→ AVAILABLE DATA
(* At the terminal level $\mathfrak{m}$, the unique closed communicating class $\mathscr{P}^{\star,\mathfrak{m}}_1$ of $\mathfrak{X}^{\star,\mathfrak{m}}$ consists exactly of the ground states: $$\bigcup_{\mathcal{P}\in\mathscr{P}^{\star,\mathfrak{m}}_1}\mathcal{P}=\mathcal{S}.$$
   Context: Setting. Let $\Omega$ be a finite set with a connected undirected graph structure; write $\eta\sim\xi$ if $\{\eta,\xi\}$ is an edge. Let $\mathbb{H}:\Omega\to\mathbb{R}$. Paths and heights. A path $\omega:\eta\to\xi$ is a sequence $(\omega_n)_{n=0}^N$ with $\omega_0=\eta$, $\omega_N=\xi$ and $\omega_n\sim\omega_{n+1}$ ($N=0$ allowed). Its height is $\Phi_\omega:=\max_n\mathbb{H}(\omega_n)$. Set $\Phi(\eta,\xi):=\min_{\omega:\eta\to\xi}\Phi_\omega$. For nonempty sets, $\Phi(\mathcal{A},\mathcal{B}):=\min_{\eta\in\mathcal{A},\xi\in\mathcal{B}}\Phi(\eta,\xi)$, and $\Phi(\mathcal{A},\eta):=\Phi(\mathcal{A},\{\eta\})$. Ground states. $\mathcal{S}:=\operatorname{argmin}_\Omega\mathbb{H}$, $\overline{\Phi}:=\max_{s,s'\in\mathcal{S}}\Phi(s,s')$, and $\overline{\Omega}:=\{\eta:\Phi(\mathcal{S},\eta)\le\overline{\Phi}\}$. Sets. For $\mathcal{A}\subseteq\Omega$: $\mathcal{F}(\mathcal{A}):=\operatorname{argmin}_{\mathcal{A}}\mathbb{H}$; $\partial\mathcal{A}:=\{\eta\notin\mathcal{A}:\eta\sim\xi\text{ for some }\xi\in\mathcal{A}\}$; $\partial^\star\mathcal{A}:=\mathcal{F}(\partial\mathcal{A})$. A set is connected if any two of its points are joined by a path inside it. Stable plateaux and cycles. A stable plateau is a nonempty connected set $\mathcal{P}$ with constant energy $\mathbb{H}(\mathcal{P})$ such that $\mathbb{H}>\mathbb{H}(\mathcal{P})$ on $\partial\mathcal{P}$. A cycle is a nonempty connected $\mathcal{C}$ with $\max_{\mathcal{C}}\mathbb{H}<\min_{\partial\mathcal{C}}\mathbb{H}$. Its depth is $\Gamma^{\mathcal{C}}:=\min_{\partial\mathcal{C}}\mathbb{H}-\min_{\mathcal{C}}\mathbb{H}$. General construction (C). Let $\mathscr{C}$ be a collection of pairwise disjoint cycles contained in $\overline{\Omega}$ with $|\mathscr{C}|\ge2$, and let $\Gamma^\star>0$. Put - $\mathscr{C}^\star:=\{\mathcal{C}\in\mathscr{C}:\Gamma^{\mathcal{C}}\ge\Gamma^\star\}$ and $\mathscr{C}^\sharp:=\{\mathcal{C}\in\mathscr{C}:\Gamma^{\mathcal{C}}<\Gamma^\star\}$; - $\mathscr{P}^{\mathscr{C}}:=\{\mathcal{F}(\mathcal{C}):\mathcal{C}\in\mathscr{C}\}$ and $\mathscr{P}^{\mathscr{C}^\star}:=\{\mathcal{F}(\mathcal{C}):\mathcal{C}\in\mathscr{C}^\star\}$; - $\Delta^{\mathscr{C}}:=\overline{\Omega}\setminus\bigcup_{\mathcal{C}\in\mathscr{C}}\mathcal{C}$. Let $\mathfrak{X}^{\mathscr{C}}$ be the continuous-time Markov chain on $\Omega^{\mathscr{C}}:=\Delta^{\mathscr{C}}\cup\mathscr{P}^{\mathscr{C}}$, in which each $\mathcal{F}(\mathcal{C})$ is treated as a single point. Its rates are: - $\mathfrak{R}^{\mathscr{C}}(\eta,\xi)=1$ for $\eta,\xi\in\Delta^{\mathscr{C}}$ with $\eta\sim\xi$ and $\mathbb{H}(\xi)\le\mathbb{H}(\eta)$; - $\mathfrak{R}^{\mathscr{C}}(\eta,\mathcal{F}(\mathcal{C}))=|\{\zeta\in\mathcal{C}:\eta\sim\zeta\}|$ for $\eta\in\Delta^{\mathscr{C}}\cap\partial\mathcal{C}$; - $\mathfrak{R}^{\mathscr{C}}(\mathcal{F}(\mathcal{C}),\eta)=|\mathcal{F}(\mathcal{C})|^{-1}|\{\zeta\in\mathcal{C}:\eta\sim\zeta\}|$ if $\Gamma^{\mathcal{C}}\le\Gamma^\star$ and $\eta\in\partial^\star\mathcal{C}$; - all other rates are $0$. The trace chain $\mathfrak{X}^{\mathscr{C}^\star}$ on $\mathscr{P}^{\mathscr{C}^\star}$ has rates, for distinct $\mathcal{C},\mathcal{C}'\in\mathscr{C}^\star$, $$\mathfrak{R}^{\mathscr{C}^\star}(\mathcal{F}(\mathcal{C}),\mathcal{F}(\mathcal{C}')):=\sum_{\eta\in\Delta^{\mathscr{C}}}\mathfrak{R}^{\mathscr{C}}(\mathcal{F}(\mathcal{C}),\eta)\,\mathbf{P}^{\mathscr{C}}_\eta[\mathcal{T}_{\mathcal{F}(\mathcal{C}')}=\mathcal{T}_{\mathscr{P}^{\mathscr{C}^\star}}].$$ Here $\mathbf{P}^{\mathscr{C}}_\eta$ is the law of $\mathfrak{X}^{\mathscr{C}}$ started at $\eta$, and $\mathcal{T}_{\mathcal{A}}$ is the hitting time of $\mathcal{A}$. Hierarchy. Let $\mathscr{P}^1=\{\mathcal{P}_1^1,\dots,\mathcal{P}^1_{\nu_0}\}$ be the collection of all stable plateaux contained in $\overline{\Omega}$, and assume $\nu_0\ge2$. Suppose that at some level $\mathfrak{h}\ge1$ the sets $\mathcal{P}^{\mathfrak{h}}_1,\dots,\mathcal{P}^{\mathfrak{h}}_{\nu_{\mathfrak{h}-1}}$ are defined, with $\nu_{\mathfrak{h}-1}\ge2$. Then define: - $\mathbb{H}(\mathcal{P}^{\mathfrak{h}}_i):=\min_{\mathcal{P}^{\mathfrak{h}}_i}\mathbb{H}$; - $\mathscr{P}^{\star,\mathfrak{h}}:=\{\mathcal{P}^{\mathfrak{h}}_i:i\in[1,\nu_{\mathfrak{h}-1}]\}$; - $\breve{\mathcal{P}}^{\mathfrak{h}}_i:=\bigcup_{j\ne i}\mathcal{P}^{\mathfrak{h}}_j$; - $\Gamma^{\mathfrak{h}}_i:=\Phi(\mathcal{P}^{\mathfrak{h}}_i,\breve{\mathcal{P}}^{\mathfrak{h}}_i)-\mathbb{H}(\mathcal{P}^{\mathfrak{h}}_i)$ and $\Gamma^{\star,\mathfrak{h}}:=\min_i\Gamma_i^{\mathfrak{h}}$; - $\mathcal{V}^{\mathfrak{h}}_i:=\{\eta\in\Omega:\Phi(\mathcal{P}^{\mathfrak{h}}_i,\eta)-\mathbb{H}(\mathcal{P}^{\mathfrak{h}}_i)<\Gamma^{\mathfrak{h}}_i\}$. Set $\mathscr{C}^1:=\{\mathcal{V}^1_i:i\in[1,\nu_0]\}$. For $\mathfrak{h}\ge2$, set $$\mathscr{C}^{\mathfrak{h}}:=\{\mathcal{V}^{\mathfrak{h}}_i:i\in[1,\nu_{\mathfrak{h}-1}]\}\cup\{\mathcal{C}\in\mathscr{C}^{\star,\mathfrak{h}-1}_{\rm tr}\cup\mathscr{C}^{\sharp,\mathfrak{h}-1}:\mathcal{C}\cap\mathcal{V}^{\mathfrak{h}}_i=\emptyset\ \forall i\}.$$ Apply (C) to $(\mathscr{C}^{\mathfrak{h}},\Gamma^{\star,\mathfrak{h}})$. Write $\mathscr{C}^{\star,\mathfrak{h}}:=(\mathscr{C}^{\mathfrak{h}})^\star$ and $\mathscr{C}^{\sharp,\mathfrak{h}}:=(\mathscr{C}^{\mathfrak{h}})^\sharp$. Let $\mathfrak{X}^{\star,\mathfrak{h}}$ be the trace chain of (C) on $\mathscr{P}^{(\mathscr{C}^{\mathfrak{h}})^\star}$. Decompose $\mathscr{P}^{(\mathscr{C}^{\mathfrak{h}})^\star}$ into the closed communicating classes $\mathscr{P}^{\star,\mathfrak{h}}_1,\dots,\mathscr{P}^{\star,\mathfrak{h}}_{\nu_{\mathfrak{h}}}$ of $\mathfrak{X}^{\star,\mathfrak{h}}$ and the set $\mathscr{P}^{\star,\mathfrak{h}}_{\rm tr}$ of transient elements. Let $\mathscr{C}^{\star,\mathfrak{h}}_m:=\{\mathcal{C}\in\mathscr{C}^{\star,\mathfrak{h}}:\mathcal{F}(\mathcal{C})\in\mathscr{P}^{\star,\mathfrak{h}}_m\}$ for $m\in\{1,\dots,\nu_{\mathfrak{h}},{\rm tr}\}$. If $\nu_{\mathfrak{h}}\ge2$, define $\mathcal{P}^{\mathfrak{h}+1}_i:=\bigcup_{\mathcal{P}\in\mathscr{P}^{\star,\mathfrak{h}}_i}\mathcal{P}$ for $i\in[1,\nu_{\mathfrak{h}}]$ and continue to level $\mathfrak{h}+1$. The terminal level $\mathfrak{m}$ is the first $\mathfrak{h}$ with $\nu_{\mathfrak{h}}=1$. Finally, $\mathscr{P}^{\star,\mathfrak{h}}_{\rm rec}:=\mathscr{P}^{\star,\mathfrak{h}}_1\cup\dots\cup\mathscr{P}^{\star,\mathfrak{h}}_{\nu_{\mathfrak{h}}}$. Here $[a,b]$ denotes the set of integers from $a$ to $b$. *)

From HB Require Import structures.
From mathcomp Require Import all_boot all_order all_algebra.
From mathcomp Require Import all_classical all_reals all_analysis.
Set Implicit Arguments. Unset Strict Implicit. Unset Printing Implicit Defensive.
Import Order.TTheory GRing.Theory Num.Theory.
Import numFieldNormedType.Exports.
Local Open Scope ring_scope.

---

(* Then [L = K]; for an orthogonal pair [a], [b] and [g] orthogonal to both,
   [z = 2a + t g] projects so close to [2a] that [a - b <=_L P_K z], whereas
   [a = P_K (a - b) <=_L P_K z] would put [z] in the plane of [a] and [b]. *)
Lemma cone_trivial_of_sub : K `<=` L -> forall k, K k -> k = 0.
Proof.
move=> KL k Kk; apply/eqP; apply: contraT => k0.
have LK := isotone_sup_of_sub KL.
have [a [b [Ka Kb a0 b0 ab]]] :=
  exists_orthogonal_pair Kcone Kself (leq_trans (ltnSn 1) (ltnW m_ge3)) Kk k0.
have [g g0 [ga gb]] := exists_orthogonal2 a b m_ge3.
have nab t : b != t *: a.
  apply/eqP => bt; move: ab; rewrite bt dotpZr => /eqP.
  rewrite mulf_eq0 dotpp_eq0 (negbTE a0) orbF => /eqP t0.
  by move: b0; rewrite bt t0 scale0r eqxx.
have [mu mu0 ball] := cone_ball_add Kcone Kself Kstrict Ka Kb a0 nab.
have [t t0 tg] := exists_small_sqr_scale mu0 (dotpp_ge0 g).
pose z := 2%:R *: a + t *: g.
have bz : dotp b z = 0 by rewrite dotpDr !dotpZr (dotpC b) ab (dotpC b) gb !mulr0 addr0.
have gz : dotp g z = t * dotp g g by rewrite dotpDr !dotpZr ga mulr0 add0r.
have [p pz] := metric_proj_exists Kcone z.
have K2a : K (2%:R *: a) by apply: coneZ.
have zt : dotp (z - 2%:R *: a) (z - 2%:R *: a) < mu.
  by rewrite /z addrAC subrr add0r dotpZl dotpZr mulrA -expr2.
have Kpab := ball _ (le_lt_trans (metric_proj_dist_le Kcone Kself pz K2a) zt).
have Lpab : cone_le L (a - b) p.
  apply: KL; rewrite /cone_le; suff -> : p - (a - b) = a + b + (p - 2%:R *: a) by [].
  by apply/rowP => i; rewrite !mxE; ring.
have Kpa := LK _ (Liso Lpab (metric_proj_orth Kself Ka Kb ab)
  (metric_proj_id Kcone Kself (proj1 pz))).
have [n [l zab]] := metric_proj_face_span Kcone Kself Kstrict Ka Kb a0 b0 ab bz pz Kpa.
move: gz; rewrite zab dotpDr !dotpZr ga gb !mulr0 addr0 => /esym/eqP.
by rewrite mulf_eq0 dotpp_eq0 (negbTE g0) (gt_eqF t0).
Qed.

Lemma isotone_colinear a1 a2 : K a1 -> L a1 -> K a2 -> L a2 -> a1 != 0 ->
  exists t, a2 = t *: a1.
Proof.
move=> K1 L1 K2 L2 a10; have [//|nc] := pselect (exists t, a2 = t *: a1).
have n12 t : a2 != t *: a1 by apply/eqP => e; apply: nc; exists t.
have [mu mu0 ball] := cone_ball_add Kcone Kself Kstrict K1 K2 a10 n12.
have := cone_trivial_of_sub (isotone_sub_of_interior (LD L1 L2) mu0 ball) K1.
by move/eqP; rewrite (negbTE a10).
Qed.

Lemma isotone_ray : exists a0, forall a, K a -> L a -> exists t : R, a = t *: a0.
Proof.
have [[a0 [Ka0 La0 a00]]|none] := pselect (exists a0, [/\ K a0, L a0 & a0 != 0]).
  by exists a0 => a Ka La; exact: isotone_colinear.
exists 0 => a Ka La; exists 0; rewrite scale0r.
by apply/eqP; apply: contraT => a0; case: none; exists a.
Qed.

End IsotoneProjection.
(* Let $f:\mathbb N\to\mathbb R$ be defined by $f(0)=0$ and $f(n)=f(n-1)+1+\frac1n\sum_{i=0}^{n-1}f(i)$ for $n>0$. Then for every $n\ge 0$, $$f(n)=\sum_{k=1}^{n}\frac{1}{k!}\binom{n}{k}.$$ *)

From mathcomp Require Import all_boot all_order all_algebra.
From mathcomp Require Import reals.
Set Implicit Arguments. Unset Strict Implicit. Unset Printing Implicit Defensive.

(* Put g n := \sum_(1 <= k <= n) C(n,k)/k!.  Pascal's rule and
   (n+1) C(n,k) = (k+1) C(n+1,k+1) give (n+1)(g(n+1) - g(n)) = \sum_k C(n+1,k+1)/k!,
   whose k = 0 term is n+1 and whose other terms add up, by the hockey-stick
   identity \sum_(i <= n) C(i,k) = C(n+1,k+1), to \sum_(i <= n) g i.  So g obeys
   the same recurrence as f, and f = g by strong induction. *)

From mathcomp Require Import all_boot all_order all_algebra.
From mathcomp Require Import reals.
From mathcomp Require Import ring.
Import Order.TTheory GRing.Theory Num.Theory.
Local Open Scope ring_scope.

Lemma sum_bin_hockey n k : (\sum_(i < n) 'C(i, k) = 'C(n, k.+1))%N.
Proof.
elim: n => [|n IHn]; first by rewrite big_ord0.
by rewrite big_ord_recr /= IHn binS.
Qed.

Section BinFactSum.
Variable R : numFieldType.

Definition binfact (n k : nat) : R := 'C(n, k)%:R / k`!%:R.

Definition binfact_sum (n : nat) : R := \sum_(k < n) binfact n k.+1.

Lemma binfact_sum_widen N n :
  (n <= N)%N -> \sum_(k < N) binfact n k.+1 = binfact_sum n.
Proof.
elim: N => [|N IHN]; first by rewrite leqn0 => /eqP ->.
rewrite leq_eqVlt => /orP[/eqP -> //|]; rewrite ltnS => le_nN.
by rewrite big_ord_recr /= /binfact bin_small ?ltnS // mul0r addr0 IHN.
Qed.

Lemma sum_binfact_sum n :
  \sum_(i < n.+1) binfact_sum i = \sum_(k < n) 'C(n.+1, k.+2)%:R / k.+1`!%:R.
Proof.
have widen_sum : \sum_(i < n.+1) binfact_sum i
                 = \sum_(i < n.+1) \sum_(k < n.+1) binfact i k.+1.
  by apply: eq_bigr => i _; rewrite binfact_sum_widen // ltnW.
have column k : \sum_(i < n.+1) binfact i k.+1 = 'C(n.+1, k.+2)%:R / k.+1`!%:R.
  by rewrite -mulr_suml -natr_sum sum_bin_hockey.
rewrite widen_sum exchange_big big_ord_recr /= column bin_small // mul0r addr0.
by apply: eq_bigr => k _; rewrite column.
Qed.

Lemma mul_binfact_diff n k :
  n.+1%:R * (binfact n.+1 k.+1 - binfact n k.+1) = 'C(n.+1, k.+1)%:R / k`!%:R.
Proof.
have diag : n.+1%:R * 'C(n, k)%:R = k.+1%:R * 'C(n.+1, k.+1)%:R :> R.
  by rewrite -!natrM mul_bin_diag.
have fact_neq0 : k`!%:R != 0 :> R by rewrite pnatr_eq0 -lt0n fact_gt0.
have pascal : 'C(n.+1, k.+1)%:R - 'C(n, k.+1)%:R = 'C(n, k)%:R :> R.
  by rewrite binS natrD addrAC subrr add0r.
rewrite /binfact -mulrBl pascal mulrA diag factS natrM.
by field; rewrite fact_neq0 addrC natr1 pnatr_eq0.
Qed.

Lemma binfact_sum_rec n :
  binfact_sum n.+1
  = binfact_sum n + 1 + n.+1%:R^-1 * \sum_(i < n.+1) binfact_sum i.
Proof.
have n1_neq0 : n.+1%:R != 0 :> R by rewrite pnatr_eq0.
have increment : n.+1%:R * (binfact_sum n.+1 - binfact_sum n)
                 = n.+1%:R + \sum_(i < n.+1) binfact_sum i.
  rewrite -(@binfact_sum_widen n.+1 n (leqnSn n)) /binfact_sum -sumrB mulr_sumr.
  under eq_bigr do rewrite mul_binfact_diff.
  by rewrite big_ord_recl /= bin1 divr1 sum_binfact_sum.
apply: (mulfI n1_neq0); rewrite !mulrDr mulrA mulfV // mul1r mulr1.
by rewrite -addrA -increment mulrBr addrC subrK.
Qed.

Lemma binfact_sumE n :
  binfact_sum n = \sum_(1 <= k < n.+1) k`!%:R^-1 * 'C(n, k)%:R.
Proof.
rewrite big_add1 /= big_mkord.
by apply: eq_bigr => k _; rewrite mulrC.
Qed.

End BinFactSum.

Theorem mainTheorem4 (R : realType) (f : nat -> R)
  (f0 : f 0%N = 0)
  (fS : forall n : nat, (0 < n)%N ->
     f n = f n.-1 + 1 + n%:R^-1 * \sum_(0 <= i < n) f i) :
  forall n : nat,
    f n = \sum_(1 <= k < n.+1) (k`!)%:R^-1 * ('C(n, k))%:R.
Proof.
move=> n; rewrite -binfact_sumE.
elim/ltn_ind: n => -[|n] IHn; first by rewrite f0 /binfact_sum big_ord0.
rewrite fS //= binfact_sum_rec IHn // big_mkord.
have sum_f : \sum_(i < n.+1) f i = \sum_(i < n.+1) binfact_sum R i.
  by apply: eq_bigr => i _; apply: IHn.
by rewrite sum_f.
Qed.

→ DIRECTIONS FOR THIS TASK
Return, from the data, each line where the string "negbTE" occurs.

→ RESPONSE TO THE EXERCISE
  rewrite mulf_eq0 dotpp_eq0 (negbTE a0) orbF => /eqP t0.
by rewrite mulf_eq0 dotpp_eq0 (negbTE g0) (gt_eqF t0).
by move/eqP; rewrite (negbTE a10).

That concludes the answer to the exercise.